_Exercise details_: Each line from the start of the entries through the line that contains "(0, 1) | 2 => (-1, 1)" should be output exactly, please.

[Dataset entries]
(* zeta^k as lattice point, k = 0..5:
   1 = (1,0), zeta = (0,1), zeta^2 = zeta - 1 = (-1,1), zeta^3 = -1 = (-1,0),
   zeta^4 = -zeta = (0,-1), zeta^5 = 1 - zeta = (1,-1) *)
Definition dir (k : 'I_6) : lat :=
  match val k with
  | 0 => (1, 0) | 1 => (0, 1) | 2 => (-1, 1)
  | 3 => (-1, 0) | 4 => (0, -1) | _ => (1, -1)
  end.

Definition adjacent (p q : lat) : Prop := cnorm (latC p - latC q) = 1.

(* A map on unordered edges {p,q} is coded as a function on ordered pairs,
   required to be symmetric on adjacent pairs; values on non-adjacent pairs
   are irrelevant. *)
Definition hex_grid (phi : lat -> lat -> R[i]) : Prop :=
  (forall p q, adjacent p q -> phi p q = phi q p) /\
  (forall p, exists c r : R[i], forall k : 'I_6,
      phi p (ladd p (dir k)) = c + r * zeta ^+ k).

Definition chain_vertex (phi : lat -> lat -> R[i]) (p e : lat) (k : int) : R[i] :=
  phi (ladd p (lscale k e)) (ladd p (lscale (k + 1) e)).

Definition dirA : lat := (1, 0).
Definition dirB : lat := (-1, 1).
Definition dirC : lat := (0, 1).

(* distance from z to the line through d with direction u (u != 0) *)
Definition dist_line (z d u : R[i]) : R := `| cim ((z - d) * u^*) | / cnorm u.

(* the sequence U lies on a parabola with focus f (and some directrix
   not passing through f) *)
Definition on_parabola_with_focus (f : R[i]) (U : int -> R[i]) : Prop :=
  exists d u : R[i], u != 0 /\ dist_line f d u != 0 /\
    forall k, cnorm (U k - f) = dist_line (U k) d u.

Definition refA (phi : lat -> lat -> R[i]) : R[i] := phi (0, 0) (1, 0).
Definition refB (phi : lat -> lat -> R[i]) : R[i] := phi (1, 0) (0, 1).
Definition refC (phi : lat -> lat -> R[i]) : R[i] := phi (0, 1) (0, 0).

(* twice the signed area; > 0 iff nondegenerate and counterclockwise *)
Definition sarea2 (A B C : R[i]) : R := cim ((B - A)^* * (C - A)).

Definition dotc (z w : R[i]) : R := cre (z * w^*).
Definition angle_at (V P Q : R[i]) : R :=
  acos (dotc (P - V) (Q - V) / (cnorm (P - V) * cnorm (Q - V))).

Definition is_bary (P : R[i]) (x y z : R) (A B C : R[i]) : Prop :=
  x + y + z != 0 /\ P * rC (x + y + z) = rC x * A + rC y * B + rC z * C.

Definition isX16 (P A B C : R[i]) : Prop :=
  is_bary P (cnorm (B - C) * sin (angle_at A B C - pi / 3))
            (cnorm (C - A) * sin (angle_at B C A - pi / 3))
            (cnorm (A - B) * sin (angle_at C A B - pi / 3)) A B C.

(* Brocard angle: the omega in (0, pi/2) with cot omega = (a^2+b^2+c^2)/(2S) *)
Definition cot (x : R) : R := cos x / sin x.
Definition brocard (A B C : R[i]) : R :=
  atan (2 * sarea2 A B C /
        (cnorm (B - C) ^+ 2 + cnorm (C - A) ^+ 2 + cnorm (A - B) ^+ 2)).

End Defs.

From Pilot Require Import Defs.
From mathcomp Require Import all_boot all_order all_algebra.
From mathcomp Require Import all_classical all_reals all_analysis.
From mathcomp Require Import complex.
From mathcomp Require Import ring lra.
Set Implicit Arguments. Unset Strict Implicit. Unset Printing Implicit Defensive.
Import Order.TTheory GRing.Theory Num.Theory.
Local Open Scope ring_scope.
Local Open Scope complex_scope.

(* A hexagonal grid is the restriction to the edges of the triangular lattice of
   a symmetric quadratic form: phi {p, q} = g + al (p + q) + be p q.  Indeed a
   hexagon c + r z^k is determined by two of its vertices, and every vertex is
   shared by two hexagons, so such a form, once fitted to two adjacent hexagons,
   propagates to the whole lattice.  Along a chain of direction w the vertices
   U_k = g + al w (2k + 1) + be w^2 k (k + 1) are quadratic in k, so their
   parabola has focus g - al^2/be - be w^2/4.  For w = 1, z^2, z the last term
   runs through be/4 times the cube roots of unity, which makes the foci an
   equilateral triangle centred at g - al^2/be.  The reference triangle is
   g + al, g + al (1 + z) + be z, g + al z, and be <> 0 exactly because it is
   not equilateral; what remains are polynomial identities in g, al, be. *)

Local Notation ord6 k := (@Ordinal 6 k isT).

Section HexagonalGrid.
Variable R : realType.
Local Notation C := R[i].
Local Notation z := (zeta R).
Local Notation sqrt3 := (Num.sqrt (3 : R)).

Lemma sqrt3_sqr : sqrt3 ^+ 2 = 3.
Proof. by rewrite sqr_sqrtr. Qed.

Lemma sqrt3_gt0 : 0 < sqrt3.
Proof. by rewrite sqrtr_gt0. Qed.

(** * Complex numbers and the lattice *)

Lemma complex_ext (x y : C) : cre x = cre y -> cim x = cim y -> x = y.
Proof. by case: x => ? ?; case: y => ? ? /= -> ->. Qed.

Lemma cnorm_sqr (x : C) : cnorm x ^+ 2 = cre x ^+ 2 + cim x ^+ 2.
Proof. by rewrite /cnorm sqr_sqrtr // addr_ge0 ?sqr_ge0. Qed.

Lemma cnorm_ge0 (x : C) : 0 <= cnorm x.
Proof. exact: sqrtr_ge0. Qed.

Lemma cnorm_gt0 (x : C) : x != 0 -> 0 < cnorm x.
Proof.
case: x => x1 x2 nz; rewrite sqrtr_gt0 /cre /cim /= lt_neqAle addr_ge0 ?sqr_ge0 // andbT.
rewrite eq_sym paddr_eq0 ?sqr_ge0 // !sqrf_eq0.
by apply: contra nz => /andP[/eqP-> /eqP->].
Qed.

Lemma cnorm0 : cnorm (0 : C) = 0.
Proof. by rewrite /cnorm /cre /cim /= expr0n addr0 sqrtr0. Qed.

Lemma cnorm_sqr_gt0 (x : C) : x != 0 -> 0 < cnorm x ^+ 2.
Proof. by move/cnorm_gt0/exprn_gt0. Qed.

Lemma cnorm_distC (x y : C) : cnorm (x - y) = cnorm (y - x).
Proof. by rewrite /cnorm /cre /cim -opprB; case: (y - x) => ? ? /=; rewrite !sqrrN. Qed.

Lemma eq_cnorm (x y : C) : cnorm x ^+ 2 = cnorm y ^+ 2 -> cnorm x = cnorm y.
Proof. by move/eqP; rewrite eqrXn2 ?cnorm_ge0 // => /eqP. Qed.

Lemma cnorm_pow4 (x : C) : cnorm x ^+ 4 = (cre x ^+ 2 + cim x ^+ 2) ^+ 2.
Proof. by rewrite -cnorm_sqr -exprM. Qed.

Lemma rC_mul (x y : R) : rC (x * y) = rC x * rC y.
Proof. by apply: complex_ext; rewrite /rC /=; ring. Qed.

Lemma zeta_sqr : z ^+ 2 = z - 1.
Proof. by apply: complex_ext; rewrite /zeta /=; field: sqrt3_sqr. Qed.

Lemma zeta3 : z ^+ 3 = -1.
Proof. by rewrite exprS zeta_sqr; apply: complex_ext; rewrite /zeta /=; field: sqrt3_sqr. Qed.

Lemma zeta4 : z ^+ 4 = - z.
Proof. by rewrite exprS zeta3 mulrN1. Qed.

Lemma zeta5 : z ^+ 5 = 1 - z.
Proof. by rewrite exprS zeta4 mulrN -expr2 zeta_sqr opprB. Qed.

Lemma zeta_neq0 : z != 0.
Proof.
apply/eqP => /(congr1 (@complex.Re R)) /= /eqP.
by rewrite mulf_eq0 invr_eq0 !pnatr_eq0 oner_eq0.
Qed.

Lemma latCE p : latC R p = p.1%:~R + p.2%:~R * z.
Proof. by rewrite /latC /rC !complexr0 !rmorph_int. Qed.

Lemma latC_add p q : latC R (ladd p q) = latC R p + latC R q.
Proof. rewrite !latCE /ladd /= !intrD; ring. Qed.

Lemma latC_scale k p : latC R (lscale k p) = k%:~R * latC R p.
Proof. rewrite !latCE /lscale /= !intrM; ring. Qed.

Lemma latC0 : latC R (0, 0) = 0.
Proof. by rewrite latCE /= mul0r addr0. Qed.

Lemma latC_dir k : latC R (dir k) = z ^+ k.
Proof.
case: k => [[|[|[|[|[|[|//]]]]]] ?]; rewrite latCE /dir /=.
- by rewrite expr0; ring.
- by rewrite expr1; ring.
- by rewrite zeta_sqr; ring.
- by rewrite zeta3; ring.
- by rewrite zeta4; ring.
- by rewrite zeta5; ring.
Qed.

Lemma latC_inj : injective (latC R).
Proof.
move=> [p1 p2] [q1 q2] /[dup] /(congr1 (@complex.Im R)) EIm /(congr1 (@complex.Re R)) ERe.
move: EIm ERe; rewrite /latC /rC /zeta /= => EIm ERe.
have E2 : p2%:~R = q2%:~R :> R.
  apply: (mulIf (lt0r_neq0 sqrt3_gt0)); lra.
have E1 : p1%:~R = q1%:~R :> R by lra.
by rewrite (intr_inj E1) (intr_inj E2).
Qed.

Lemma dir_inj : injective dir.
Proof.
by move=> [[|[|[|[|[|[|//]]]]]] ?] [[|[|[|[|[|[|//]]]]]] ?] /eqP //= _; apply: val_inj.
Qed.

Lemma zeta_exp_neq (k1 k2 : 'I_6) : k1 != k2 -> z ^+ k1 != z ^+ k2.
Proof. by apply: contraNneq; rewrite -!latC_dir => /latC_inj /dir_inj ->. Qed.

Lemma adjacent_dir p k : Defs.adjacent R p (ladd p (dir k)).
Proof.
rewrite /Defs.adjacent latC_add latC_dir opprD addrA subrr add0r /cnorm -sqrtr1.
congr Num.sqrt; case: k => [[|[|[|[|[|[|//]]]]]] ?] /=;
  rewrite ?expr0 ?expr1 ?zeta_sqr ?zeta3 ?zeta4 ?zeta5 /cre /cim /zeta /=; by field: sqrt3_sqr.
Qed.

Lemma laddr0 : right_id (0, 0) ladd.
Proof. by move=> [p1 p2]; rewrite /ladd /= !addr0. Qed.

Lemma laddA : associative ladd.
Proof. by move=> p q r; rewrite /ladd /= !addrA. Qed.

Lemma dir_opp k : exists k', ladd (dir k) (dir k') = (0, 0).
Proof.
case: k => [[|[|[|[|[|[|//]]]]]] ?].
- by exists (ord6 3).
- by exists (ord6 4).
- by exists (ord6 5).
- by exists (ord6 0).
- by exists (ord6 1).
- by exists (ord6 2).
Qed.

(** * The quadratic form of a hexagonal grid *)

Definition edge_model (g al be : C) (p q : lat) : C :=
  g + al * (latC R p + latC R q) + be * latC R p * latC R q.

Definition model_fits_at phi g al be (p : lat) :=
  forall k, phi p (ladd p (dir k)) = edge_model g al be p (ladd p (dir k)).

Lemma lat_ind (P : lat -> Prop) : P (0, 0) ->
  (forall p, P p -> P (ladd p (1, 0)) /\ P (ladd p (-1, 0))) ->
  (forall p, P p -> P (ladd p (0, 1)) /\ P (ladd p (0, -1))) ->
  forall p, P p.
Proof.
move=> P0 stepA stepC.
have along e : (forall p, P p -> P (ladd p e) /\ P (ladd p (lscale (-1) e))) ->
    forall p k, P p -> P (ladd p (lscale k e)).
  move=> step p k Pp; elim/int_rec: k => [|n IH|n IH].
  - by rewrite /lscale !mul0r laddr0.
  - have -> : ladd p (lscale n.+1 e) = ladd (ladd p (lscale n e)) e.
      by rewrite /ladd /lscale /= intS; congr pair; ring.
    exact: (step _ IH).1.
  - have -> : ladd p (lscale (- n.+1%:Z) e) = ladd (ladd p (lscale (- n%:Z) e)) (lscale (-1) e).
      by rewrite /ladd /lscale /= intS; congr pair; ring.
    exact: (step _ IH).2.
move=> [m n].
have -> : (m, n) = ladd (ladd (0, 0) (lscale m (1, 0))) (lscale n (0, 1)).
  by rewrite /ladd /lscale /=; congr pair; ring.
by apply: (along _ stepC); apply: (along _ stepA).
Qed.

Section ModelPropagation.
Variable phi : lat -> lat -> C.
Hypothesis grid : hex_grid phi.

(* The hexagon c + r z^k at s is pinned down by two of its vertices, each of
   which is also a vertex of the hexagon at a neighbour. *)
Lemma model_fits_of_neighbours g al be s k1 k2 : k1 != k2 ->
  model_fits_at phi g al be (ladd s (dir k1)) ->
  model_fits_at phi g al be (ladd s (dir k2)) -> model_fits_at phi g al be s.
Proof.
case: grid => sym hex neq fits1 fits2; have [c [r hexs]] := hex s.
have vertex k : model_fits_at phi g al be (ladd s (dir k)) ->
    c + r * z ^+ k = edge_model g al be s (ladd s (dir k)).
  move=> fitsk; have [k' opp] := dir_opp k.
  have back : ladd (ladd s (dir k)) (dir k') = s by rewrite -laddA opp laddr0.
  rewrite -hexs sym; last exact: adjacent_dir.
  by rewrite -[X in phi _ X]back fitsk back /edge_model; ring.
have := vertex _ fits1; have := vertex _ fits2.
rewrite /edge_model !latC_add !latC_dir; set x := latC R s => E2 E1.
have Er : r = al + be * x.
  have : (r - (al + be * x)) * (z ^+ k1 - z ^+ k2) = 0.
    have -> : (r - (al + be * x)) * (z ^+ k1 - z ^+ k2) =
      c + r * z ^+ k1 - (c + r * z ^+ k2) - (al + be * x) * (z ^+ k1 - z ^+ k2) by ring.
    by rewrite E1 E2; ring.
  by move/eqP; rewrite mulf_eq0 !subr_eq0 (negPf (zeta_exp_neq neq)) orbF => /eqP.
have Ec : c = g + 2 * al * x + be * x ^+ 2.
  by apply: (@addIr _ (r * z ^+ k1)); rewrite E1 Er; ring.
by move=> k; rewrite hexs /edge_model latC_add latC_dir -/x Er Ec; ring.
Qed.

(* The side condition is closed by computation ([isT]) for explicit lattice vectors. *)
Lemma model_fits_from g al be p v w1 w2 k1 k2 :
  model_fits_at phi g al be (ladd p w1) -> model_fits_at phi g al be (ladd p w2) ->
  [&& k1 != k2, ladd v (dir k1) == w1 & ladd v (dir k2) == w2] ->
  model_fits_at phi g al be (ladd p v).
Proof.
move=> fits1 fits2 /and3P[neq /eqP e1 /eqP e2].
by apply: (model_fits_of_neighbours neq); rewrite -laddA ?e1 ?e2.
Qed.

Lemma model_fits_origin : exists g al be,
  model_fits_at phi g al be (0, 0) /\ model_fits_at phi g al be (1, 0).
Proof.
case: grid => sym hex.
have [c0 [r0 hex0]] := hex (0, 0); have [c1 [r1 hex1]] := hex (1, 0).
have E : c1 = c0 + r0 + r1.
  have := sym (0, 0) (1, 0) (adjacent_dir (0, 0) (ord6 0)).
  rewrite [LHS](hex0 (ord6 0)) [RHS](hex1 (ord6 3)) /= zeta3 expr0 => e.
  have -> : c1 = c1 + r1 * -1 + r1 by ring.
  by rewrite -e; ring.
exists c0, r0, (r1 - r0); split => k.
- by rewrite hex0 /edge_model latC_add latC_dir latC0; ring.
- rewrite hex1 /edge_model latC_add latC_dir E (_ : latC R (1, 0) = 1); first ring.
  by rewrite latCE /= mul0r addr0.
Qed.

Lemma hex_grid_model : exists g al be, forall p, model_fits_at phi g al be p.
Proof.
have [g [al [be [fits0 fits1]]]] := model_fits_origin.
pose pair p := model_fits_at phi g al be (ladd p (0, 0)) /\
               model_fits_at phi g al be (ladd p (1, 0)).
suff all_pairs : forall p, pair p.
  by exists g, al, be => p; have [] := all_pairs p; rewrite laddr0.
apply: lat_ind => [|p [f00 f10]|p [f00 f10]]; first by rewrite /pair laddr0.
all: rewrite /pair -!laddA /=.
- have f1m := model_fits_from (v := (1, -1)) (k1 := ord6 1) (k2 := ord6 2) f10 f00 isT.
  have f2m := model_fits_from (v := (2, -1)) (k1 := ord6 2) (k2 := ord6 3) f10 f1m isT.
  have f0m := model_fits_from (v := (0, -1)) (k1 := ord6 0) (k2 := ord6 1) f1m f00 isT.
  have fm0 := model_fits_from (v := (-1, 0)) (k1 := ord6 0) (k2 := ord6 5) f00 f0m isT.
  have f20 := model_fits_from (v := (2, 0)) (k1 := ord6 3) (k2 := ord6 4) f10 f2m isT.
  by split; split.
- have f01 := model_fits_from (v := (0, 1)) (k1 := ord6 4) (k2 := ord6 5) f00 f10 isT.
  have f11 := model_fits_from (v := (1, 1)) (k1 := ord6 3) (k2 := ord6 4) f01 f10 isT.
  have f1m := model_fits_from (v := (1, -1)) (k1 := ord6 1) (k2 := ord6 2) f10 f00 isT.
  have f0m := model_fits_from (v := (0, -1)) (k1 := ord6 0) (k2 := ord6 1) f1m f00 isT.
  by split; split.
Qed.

_Task output_:
(* zeta^k as lattice point, k = 0..5:
   1 = (1,0), zeta = (0,1), zeta^2 = zeta - 1 = (-1,1), zeta^3 = -1 = (-1,0),
   zeta^4 = -zeta = (0,-1), zeta^5 = 1 - zeta = (1,-1) *)
Definition dir (k : 'I_6) : lat :=
  match val k with
  | 0 => (1, 0) | 1 => (0, 1) | 2 => (-1, 1)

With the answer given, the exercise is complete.